** What this task involves **
Go through the records and give the number of lines that include "assert", with nothing else.
== Segment start ==
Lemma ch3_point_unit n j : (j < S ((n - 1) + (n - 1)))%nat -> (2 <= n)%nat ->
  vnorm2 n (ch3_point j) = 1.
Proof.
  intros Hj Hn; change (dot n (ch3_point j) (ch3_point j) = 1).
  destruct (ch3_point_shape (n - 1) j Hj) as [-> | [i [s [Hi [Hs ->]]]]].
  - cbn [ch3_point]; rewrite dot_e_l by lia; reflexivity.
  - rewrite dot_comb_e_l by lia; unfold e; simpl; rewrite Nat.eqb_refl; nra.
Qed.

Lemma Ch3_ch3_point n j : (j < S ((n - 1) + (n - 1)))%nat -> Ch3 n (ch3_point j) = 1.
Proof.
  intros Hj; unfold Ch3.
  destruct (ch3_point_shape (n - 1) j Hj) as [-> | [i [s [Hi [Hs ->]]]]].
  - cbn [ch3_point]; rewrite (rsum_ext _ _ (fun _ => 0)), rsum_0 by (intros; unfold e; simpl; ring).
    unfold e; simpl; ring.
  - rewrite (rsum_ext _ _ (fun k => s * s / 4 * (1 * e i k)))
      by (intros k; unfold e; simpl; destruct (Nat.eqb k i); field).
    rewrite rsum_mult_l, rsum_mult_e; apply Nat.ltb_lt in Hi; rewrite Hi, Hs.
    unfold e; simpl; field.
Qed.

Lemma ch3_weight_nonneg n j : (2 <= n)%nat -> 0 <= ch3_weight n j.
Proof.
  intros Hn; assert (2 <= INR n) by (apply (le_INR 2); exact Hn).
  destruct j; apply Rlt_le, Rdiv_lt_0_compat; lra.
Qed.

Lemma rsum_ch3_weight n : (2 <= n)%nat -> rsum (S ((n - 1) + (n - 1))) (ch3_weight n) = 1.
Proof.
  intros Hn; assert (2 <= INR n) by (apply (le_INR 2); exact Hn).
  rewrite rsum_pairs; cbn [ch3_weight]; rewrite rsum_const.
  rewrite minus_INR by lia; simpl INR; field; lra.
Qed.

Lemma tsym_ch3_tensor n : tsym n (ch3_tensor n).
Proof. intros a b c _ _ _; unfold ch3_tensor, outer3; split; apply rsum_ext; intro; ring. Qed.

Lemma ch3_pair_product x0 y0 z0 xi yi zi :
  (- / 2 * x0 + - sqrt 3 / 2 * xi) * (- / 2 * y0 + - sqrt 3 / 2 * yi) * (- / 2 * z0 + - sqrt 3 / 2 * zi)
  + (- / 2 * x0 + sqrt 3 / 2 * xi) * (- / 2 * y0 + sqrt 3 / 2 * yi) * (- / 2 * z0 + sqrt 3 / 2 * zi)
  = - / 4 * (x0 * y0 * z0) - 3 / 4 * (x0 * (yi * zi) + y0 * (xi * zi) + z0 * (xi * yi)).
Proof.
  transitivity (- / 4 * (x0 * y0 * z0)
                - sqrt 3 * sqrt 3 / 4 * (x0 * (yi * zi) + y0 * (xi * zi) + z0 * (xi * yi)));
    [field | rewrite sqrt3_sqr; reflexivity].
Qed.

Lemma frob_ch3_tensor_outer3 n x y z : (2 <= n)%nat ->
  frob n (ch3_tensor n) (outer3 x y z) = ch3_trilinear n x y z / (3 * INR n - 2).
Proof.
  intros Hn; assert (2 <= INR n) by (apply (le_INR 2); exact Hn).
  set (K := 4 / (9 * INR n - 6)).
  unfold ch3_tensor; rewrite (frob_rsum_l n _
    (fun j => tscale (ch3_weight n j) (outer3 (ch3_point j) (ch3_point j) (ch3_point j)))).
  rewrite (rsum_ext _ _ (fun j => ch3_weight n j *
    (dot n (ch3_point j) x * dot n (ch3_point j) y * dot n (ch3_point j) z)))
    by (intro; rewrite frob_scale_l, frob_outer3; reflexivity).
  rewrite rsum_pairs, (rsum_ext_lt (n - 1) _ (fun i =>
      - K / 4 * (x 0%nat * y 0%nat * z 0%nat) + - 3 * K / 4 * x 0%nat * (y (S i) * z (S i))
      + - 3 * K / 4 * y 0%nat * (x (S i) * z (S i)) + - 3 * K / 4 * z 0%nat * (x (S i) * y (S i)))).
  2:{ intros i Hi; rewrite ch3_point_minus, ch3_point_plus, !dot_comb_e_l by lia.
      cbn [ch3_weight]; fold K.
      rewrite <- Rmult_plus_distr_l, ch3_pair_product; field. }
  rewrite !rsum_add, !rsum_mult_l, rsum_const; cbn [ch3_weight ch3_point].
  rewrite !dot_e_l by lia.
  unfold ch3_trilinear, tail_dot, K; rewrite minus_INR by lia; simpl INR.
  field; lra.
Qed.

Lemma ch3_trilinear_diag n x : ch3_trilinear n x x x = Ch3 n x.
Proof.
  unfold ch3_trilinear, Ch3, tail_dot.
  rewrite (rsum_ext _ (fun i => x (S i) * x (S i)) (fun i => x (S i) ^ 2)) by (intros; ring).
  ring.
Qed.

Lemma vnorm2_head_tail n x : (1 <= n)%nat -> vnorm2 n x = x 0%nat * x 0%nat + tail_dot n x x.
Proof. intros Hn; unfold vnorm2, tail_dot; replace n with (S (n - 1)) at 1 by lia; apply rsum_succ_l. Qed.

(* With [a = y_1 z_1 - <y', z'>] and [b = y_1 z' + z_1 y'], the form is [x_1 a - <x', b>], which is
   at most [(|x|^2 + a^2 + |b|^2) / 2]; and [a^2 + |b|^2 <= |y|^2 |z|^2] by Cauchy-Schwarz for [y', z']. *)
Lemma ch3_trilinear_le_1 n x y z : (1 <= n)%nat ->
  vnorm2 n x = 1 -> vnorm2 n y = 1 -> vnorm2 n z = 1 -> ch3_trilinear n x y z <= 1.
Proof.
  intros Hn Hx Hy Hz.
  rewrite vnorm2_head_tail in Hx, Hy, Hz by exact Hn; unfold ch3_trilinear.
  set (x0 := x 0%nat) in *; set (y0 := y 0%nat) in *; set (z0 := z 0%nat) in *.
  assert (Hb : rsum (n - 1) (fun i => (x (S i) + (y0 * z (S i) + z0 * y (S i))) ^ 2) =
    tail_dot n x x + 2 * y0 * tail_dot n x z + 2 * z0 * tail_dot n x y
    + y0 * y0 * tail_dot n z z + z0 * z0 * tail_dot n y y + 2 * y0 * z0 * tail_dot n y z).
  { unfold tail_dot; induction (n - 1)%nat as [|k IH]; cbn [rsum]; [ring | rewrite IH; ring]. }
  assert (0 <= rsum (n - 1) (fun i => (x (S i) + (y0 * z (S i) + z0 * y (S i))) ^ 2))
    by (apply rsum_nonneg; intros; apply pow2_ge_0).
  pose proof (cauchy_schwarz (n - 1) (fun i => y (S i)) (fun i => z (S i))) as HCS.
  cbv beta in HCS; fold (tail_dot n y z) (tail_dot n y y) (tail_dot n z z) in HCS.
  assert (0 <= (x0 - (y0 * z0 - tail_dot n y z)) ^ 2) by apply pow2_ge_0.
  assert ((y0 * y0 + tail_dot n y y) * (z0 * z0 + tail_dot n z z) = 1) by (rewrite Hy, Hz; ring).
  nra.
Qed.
== Segment end ==
** Output for this task **
7